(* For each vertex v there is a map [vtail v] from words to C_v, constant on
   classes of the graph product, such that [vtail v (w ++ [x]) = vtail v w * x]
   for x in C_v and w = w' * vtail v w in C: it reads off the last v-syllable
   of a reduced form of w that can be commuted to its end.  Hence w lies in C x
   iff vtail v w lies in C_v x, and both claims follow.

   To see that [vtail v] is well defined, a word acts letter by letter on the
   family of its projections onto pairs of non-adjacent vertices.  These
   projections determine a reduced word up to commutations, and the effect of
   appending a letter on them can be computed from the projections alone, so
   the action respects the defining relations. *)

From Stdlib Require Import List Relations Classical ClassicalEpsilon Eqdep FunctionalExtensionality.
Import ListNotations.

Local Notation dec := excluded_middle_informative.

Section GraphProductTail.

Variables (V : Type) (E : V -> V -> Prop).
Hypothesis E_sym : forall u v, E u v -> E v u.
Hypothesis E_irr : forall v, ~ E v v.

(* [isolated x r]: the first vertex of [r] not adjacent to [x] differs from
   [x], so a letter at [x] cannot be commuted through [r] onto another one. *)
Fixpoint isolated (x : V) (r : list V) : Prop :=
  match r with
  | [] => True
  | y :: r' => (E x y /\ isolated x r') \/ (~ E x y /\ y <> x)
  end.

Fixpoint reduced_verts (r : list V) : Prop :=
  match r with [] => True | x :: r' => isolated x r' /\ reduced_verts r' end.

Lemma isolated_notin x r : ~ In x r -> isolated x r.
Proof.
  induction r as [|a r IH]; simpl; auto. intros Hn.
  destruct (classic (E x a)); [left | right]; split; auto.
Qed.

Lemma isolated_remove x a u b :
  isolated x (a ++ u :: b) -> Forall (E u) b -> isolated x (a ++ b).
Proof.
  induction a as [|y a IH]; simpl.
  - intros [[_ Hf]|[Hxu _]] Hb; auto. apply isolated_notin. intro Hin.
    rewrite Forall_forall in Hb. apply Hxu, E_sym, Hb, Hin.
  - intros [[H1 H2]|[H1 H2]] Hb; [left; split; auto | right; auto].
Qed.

--

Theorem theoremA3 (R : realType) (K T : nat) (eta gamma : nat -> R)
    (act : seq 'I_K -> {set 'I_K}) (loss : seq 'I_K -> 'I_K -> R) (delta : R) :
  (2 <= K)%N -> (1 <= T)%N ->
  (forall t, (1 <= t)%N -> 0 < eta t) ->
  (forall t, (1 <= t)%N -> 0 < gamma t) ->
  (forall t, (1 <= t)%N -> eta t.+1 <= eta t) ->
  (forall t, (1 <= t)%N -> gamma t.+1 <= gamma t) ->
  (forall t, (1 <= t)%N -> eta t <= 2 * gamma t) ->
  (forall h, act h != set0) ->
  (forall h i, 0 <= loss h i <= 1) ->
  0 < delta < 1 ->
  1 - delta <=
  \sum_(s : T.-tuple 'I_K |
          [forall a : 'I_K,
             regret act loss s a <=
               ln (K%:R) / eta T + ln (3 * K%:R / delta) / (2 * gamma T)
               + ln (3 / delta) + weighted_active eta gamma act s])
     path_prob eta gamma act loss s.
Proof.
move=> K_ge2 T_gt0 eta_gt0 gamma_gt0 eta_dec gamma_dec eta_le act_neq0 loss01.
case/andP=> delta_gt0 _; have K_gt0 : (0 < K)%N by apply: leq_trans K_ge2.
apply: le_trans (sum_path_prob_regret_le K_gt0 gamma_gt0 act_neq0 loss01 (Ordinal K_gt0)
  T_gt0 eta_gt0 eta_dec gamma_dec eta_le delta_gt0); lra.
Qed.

* What is expected *
Your task is to show every line of the listing above containing "Fixpoint".

* Solution to this exercise *
Fixpoint isolated (x : V) (r : list V) : Prop :=
Fixpoint reduced_verts (r : list V) : Prop :=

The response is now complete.